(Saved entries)
Lemma det_abs_le m (M : 'M[R]_m) :
  Rabs (\det M)%R <= \big[Rplus/0]_(s : 'S_m) \big[Rmult/1]_(a < m) Rabs (M a (s a)).
Proof.
apply: Rle_trans (Rabs_sumR _ _ _) _; apply: sumR_le => s _.
change (Rabs (((-1) ^+ s)%R * \big[Rmult/1]_a M a (s a))
          <= \big[Rmult/1]_(a < m) Rabs (M a (s a))).
have sign1 : Rabs ((-1) ^+ s)%R = 1.
  case: (odd_perm s); rewrite /= ?expr1 ?expr0 ?Rabs_R1 //.
  by rewrite -[X in Rabs X]/(- 1) Rabs_Ropp Rabs_R1.
by rewrite Rabs_mult Rabs_prodR sign1 Rmult_1_l; exact: Rle_refl.
Qed.

Lemma det_subm_le n m (A : 'M[R]_n) (p q : m.-tuple 'I_n) :
  Rabs (\det (subm A p q))%R
    <= \big[Rplus/0]_(s : 'S_m) prod_abs_entries A p (permute_tuple q s).
Proof.
apply: Rle_trans (det_abs_le _) _; apply: Req_le; apply: eq_bigr => s _.
by apply: eq_bigr => a _; rewrite mxE tnth_mktuple.
Qed.

(* For a nonnegative kernel F, summing prod_a F(a, s(a)) over permutations s
   is bounded by the product of the row sums (which sums over all maps). *)
Lemma sum_perm_le_prod_rowsum m (F : 'I_m -> 'I_m -> R) : (forall a b, 0 <= F a b) ->
  \big[Rplus/0]_(s : 'S_m) \big[Rmult/1]_(a < m) F a (s a)
    <= \big[Rmult/1]_(a < m) \big[Rplus/0]_(b < m) F a b.
Proof.
move=> F0; rewrite bigA_distr_bigA /=.
set graph := fun s : 'S_m => [ffun a => s a].
have -> : \big[Rplus/0]_(s : 'S_m) \big[Rmult/1]_(a < m) F a (s a)
   = \big[Rplus/0]_(f <- map graph (index_enum _)) \big[Rmult/1]_(a < m) F a (f a).
  by rewrite big_map; apply: eq_bigr => s _; apply: eq_bigr => a _; rewrite ffunE.
apply: sumR_uniq_le => [|f]; last exact: prodR_ge0.
rewrite map_inj_uniq ?index_enum_uniq // => s1 s2 eq12.
by apply/permP => a; have := congr1 (fun f : {ffun 'I_m -> 'I_m} => f a) eq12; rewrite !ffunE.
Qed.

Definition decay (c : R) (x y : nat) : R := exp (- Rabs (INR x - INR y) / c).

Lemma decay_ge0 c x y : 0 <= decay c x y.
Proof. exact/Rlt_le/exp_pos. Qed.

Lemma exp_dist1_prod n m (c : R) (p q : m.-tuple 'I_n) :
  exp (- dist1 p q / c) = \big[Rmult/1]_(a < m) decay c (tnth p a) (tnth q a).
Proof.
rewrite /dist1 (big_morph (fun x => exp (- x / c)) (id1 := 1) (op1 := Rmult)) //.
- by move=> x y; rewrite -exp_plus; congr exp; rewrite /Rdiv; ring.
- by rewrite /Rdiv Ropp_0 Rmult_0_l exp_0.
Qed.
(* For every integer $g\ge1$, there are at most $2^{g-1}$ numerical semigroups of genus $g$.
   Context: A numerical semigroup is a submonoid $S$ of $(\mathbb N,+)$ with finite complement; its genus is $\#(\mathbb N\setminus S)$. *)

From mathcomp Require Import all_boot.
Set Implicit Arguments. Unset Strict Implicit. Unset Printing Implicit Defensive.

Definition numerical_semigroup (S : nat -> bool) : Prop :=
  [/\ S 0,
      (forall x y, S x -> S y -> S (x + y)) &
      exists gaps : seq nat, forall n, (n \in gaps) = ~~ S n].

Definition has_genus (S : nat -> bool) (g : nat) : Prop :=
  exists gaps : seq nat, [/\ uniq gaps, (forall n, (n \in gaps) = ~~ S n) & size gaps = g].

From mathcomp Require Import all_boot.
From Stdlib Require Import IndefiniteDescription.

Set Implicit Arguments.
Unset Strict Implicit.
Unset Printing Implicit Defensive.

(* Proof via Kunz coordinates.  Let S be a numerical semigroup of genus g with
   multiplicity m (its least positive element).  For r < m let
   kunz r be the number of gaps congruent to r mod m.  The gaps of class r are
   exactly r, r + m, ..., r + (kunz r - 1) m, so S is determined by m and the
   tuple (kunz r)_(r < m); moreover kunz 0 = 0 and kunz r > 0 for 0 < r < m.
   Hence the partial sums kunz_sum r = kunz 0 + ... + kunz (r - 1), for
   1 <= r <= m, form a strictly increasing list from 0 to g, i.e. a composition
   of g, and this list determines S.  Such a list is in turn determined by its
   interior values, a subset of {1, ..., g - 1}.  This gives an injection from
   numerical semigroups of genus g into subsets of 'I_(g - 1), whence the bound
   2 ^ (g - 1). *)

Lemma downward_closed_initial (P : pred nat) B :
  (forall q q', q' <= q -> P q -> P q') -> (forall q, B <= q -> ~~ P q) ->
  exists Q, forall q, P q = (q < Q).
Proof.
move=> Pdown; elim: B => [|B IH] PB.
  by exists 0 => q; rewrite ltn0; apply/negbTE/PB.
case PBtrue: (P B).
  exists B.+1 => q; rewrite ltnS; case: (leqP q B) => hq.
    by apply: (Pdown B).
  by apply/negbTE/PB.
by apply: IH => q; rewrite leq_eqVlt => /orP[/eqP<-|/PB //]; rewrite PBtrue.
Qed.

Lemma le_max_seq (s : seq nat) x : x \in s -> x <= \max_(y <- s) y.
Proof. by move=> x_in; apply: (leq_bigmax_seq (F := id) _ x_in). Qed.

(* Lists 0 = a_1 < a_2 < ... < a_k = g, i.e. the partial sums of a
   composition of g. *)
Definition composition_sums (g : nat) (s : seq nat) : Prop :=
  [/\ sorted ltn s, 0 \in s, g \in s & all (fun x => x <= g) s].

(* The interior values of such a list, as a subset of 'I_(g - 1)
   (the index j stands for the value j + 1). *)
Definition interior_code (g : nat) (s : seq nat) : {set 'I_(g - 1)} :=
  [set j : 'I_(g - 1) | j.+1 \in s].

(* The classical bijection between compositions and subsets, injective half:
   a list of composition sums is determined by its interior code. *)
Lemma interior_code_inj g s1 s2 :
  composition_sums g s1 -> composition_sums g s2 ->
  interior_code g s1 = interior_code g s2 -> s1 = s2.
Proof.
move=> [sort1 zero1 top1 /allP bnd1] [sort2 zero2 top2 /allP bnd2] eq_code.
apply: (irr_sorted_eq ltn_trans ltnn) => // x.
case: (ltngtP x g) => [x_lt_g | g_lt_x | ->]; last by rewrite top1 top2.
- case: (posnP x) => [-> | x_gt0]; first by rewrite zero1 zero2.
  have x_idx : x.-1 < g - 1 by rewrite ltn_subRL add1n prednK.
  by move/setP/(_ (Ordinal x_idx)): eq_code; rewrite !inE /= prednK.
- apply/idP/idP => [/bnd1 | /bnd2]; by rewrite leqNgt g_lt_x.
Qed.

Record kunz_data (S : nat -> bool) (gaps : seq nat) (m : nat) : Prop := KunzData {
  kd_zero : S 0;
  kd_add : forall x y, S x -> S y -> S (x + y);
  kd_uniq : uniq gaps;
  kd_gaps : forall n, (n \in gaps) = ~~ S n;
  kd_mult_pos : 0 < m;
  kd_mult_mem : S m;
  kd_mult_min : forall p, 0 < p -> p < m -> ~~ S p }.

Lemma kunz_data_exists S g : numerical_semigroup S -> has_genus S g ->
  exists gaps m, kunz_data S gaps m /\ size gaps = g.
Proof.
move=> [S0 Sadd _] [gaps [gaps_uniq gaps_mem gaps_size]].
have large_in_S : forall x, \max_(y <- gaps) y < x -> S x.
  move=> x; apply: contraTT; rewrite -gaps_mem -leqNgt => x_gap.
  exact: le_max_seq.
have S_pos : exists p, (0 < p) && S p.
  by exists (\max_(y <- gaps) y).+1; rewrite large_in_S.
case: (ex_minnP S_pos) => m /andP [m_pos Sm] m_min.
exists gaps, m; split => //; split => // p p_pos p_lt_m.
by apply/negP => Sp; have := m_min p; rewrite p_pos Sp leqNgt p_lt_m => /(_ isT).
Qed.

Definition kunz (gaps : seq nat) (m r : nat) : nat := count (fun l => l %% m == r) gaps.

Definition kunz_sum (gaps : seq nat) (m r : nat) : nat := count (fun l => l %% m < r) gaps.

Definition kunz_sums (gaps : seq nat) (m : nat) : seq nat :=
  [seq kunz_sum gaps m r | r <- iota 1 m].

Lemma kunz_sumS gaps m r : kunz_sum gaps m r.+1 = kunz_sum gaps m r + kunz gaps m r.
Proof.
rewrite /kunz_sum /kunz; elim: gaps => //= x s ->; rewrite ltnS leq_eqVlt.
by case: (ltngtP (x %% m) r) => //= _; rewrite ?addnS ?addSn ?addn0 ?add0n.
Qed.

Lemma kunz_sum0 gaps m : kunz_sum gaps m 0 = 0.
Proof. by rewrite /kunz_sum; elim: gaps. Qed.

Lemma kunz_sum_mono gaps m : {homo kunz_sum gaps m : r r' / r <= r'}.
Proof. by move=> r r' le_rr'; apply: sub_count => l /= /leq_trans; apply. Qed.

Lemma kunz_sums_nth gaps m r : r < m -> nth 0 (kunz_sums gaps m) r = kunz_sum gaps m r.+1.
Proof. by move=> r_lt_m; rewrite (nth_map 0) ?size_iota // nth_iota // add1n. Qed.

Section KunzCoordinates.

Context {S : nat -> bool} {gaps : seq nat} {m : nat}.
Hypothesis K : kunz_data S gaps m.

Lemma mult_multiple_mem q : S (q * m).
Proof.
elim: q => [|q IH]; first by rewrite mul0n (kd_zero K).
by rewrite mulSn (kd_add K) // (kd_mult_mem K).
Qed.

Lemma class_gaps_down r q q' : q' <= q -> ~~ S (r + q * m) -> ~~ S (r + q' * m).
Proof.
move=> le_q'q; apply: contra => S_q'.
have -> : r + q * m = (r + q' * m) + (q - q') * m by rewrite -addnA -mulnDl subnKC.
by rewrite (kd_add K) ?mult_multiple_mem.
Qed.

Lemma kunz_class r q : r < m -> S (r + q * m) = (kunz gaps m r <= q).
Proof.
move=> r_lt_m; have m_pos := kd_mult_pos K.
have [Q gap_class] : exists Q, forall q, ~~ S (r + q * m) = (q < Q).
  apply: (downward_closed_initial (B := (\max_(y <- gaps) y).+1)).
    by move=> q1 q2 /class_gaps_down; apply.
  move=> q1 big_q1 /=; rewrite negbK; apply: contraLR big_q1.
  rewrite -(kd_gaps K) -leqNgt => /le_max_seq max_bound.
  apply: leq_trans max_bound; apply: leq_trans (leq_addl r _).
  by rewrite -{1}(muln1 q1) leq_mul2l m_pos orbT.
suff -> : kunz gaps m r = Q by rewrite leqNgt -gap_class negbK.
have class_perm : perm_eq [seq l <- gaps | l %% m == r] [seq r + k * m | k <- iota 0 Q].
  apply: uniq_perm; first by rewrite filter_uniq ?(kd_uniq K).
    by rewrite map_inj_uniq ?iota_uniq // => a b /eqP; rewrite eqn_add2l eqn_pmul2r // => /eqP.
  move=> l; rewrite mem_filter; apply/andP/mapP.
    move=> [/eqP l_res l_gap]; exists (l %/ m); last by rewrite addnC -l_res -divn_eq.
    by rewrite mem_iota add0n /= -gap_class -(kd_gaps K) addnC -l_res -divn_eq.
  move=> [k]; rewrite mem_iota add0n /= => k_lt_Q ->.
  by rewrite (kd_gaps K) gap_class k_lt_Q addnC modnMDl modn_small ?eqxx.
by rewrite /kunz -size_filter (perm_size class_perm) size_map size_iota.
Qed.

Lemma kunz_determines x : S x = (kunz gaps m (x %% m) <= x %/ m).
Proof. by rewrite {1}(divn_eq x m) addnC kunz_class // ltn_pmod // (kd_mult_pos K). Qed.

(* Minimality of the multiplicity: every nonzero class contains a gap. *)
Lemma kunz_pos r : 0 < r -> r < m -> 0 < kunz gaps m r.
Proof.
move=> r_pos r_lt_m; have := kunz_class 0 r_lt_m; rewrite mul0n addn0.
by rewrite (negbTE (kd_mult_min K r_pos r_lt_m)) leqn0 lt0n => <-.
Qed.

Lemma kunz_sum1 : kunz_sum gaps m 1 = 0.
Proof.
rewrite kunz_sumS kunz_sum0 add0n; apply/eqP; rewrite -leqn0.
by rewrite -(kunz_class 0 (kd_mult_pos K)) mul0n (kd_zero K).
Qed.

Lemma kunz_sum_mult : kunz_sum gaps m m = size gaps.
Proof.
by apply/eqP; rewrite -all_count; apply/allP => l _; rewrite ltn_pmod ?(kd_mult_pos K).
Qed.

Lemma kunz_sums_composition : composition_sums (size gaps) (kunz_sums gaps m).
Proof.
have m_pos := kd_mult_pos K.
split.
- apply: (homo_sorted_in (P := fun r => 0 < r <= m)) (iota_ltn_sorted 1 m).
    move=> r r' /andP [r_pos _] /andP [_ r'_le_m] lt_rr'.
    apply: leq_trans (kunz_sum_mono gaps m lt_rr').
    by rewrite kunz_sumS -addn1 leq_add2l kunz_pos // (leq_trans lt_rr').
  by apply/allP => r; rewrite mem_iota add1n ltnS.
- by apply/mapP; exists 1; rewrite ?kunz_sum1 // mem_iota leqnn add1n ltnS.
- by apply/mapP; exists m; rewrite ?kunz_sum_mult // mem_iota m_pos add1n ltnS leqnn.
- by apply/allP => _ /mapP [r _ ->]; apply: count_size.
Qed.

End KunzCoordinates.

Lemma kunz_sums_inj S gaps m S' gaps' m' :
  kunz_data S gaps m -> kunz_data S' gaps' m' ->
  kunz_sums gaps m = kunz_sums gaps' m' -> S =1 S'.
Proof.
move=> K K' eq_sums.
have eq_m : m' = m by have := congr1 size eq_sums; rewrite !size_map !size_iota.
subst m'.
have eq_sum r : r <= m -> kunz_sum gaps m r = kunz_sum gaps' m r.
  case: r => [_ | r r_lt_m]; first by rewrite !kunz_sum0.
  by rewrite -!kunz_sums_nth // eq_sums.
have eq_kunz r : r < m -> kunz gaps m r = kunz gaps' m r.
  move=> r_lt_m; apply/eqP; rewrite -(eqn_add2l (kunz_sum gaps m r)) -kunz_sumS.
  by rewrite (eq_sum r) ?(ltnW r_lt_m) // -kunz_sumS eq_sum.
by move=> x; rewrite (kunz_determines K) (kunz_determines K') eq_kunz // ltn_pmod ?(kd_mult_pos K).
Qed.

Definition semigroup_code (g : nat) (S : nat -> bool) (A : {set 'I_(g - 1)}) : Prop :=
  exists gaps m, [/\ kunz_data S gaps m, size gaps = g & A = interior_code g (kunz_sums gaps m)].
Arguments semigroup_code : clear implicits.

Lemma semigroup_code_exists S g : numerical_semigroup S -> has_genus S g ->
  exists A, semigroup_code g S A.
Proof.
move=> nsS genS; have [gaps [m [K size_gaps]]] := kunz_data_exists nsS genS.
by exists (interior_code g (kunz_sums gaps m)), gaps, m.
Qed.

Lemma semigroup_code_inj g S S' A :
  semigroup_code g S A -> semigroup_code g S' A -> S =1 S'.
Proof.
move=> [gaps [m [K size_gaps ->]]] [gaps' [m' [K' size_gaps' eq_code]]].
apply: (kunz_sums_inj K K'); apply: (interior_code_inj _ _ eq_code).
  by rewrite -size_gaps; apply: kunz_sums_composition K.
by rewrite -size_gaps'; apply: kunz_sums_composition K'.
Qed.

Theorem corollary2p2 (g : nat) (hg : 1 <= g) (n : nat) (S : 'I_n -> nat -> bool)
  (hS : forall i, numerical_semigroup (S i) /\ has_genus (S i) g)
  (hinj : forall i j, S i =1 S j -> i = j) :
  n <= 2 ^ (g - 1).
Proof.
have code_ex i : exists A, semigroup_code g (S i) A by case: (hS i); apply: semigroup_code_exists.
pose code i := proj1_sig (constructive_indefinite_description _ (code_ex i)).
have code_spec i : semigroup_code g (S i) (code i) := proj2_sig (constructive_indefinite_description _ _).
have code_inj : injective code.
  by move=> i j eq_ij; apply: hinj; apply: (semigroup_code_inj (code_spec i)); rewrite eq_ij.
have := leq_card code code_inj.
by rewrite card_ord -cardsT -powersetT card_powerset cardsT card_ord.
Qed.
Lemma hausdorff_measure_pos_of_coholder (E : R -> Prop) (g : R -> R) (s C : R) :
  0 <= s -> 0 < C ->
  (forall t, 0 <= t < 1 -> E (g t)) ->
  (forall t t', 0 <= t < 1 -> 0 <= t' < 1 -> t <> t' ->
     g t <> g t' /\ Rabs (t - t') <= C * Rpower (Rabs (g t - g t')) s) ->
  hausdorff_measure s E <> Finite 0.
Proof.
  intros Hs HC HE Hg.
  assert (Hcontent : Rbar_le (Finite (/ (4 * C))) (hausdorff_content s 1 E)).
  { apply Glb_Rbar_correct; intros v (U & [Hdiam Hcov] & Hv); simpl.
    assert (Hquarter : / 4 <= C * v).
    { apply (sum_diameters_cover_ge (fun n => C * diam_pow (U n) s)
               (fun n t => 0 <= t < 1 /\ U n (g t))).
      - intros n; apply Rmult_le_pos; [lra|apply diam_pow_ge0].
      - intros n x y [Hx HUx] [Hy HUy]; destruct (Req_dec x y) as [->|Hxy].
        + rewrite Rminus_diag, Rabs_R0; apply Rmult_le_pos; [lra|apply diam_pow_ge0].
        + destruct (Hg x y Hx Hy Hxy) as [Hgxy Hhol].
          apply (Rle_trans _ _ _ Hhol), Rmult_le_compat_l; [lra|].
          apply (Rpower_dist_le_diam_pow _ _ 1); auto.
      - intros t Ht; destruct (Hcov (g t) (HE t ltac:(lra))) as [n Hn].
        exists n; split; [lra|exact Hn].
      - intros N; rewrite (sum_n_mult_l C); apply Rmult_le_compat_l; [lra|].
        apply sum_n_le_nonneg_sum; [intros; apply diam_pow_ge0|auto]. }
    apply (Rmult_le_reg_l (4 * C)); [lra|]; rewrite Rinv_r; lra. }
  intros H0.
  pose proof (hausdorff_content_le_measure s 1 _ E Rlt_0_1 Hcontent) as Hpos.
  rewrite H0 in Hpos; simpl in Hpos.
  assert (0 < / (4 * C)) by (apply Rinv_0_lt_compat; lra); lra.
Qed.

(** * A Cantor set inside the set of the theorem *)

Section CantorConstruction.

Variables (xi eps : R) (a : nat -> R) (M : nat) (A : R).
Hypothesis xi_pos : 0 < xi.
Hypothesis eps_bounds : 0 < eps < 1.
Hypothesis a_bounds : forall n, (1 <= n)%nat -> 0 <= a n < 1 - eps.
Hypothesis M_ge2 : (2 <= M)%nat.
Hypothesis A_ge1 : 1 <= A.
Hypothesis xiA_ge2 : 2 <= xi * A.
Hypothesis A_room : INR M + 1 <= A * eps.

Definition frac_set (alpha : R) : Prop :=
  forall n, (1 <= n)%nat -> a n <= frac_part (xi * alpha ^ n) <= a n + eps.

Definition window (n : nat) (I : R * R) : Prop :=
  A <= fst I /\ fst I < snd I /\ snd I <= 2 * A /\
  exists K : Z, xi * fst I ^ n = IZR K + a n /\ xi * snd I ^ n = IZR K + a n + eps.

Lemma xi_pow_le (m : nat) (x y : R) : 0 <= x <= y -> xi * x ^ m <= xi * y ^ m.
Proof. intros; apply Rmult_le_compat_l; [lra|apply pow_incr; lra]. Qed.

Lemma xi_pow_lt_reg (m : nat) (x y : R) : (1 <= m)%nat -> 0 <= x -> 0 <= y ->
  xi * x ^ m < xi * y ^ m -> x < y.
Proof. intros Hm Hx Hy H; apply (pow_lt_reg m); auto; apply (Rmult_lt_reg_l xi); lra. Qed.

Your task → All lines above in which the word "Printing" occurs should be identified and copied.

Output for this task →
Set Implicit Arguments. Unset Strict Implicit. Unset Printing Implicit Defensive.
Unset Printing Implicit Defensive.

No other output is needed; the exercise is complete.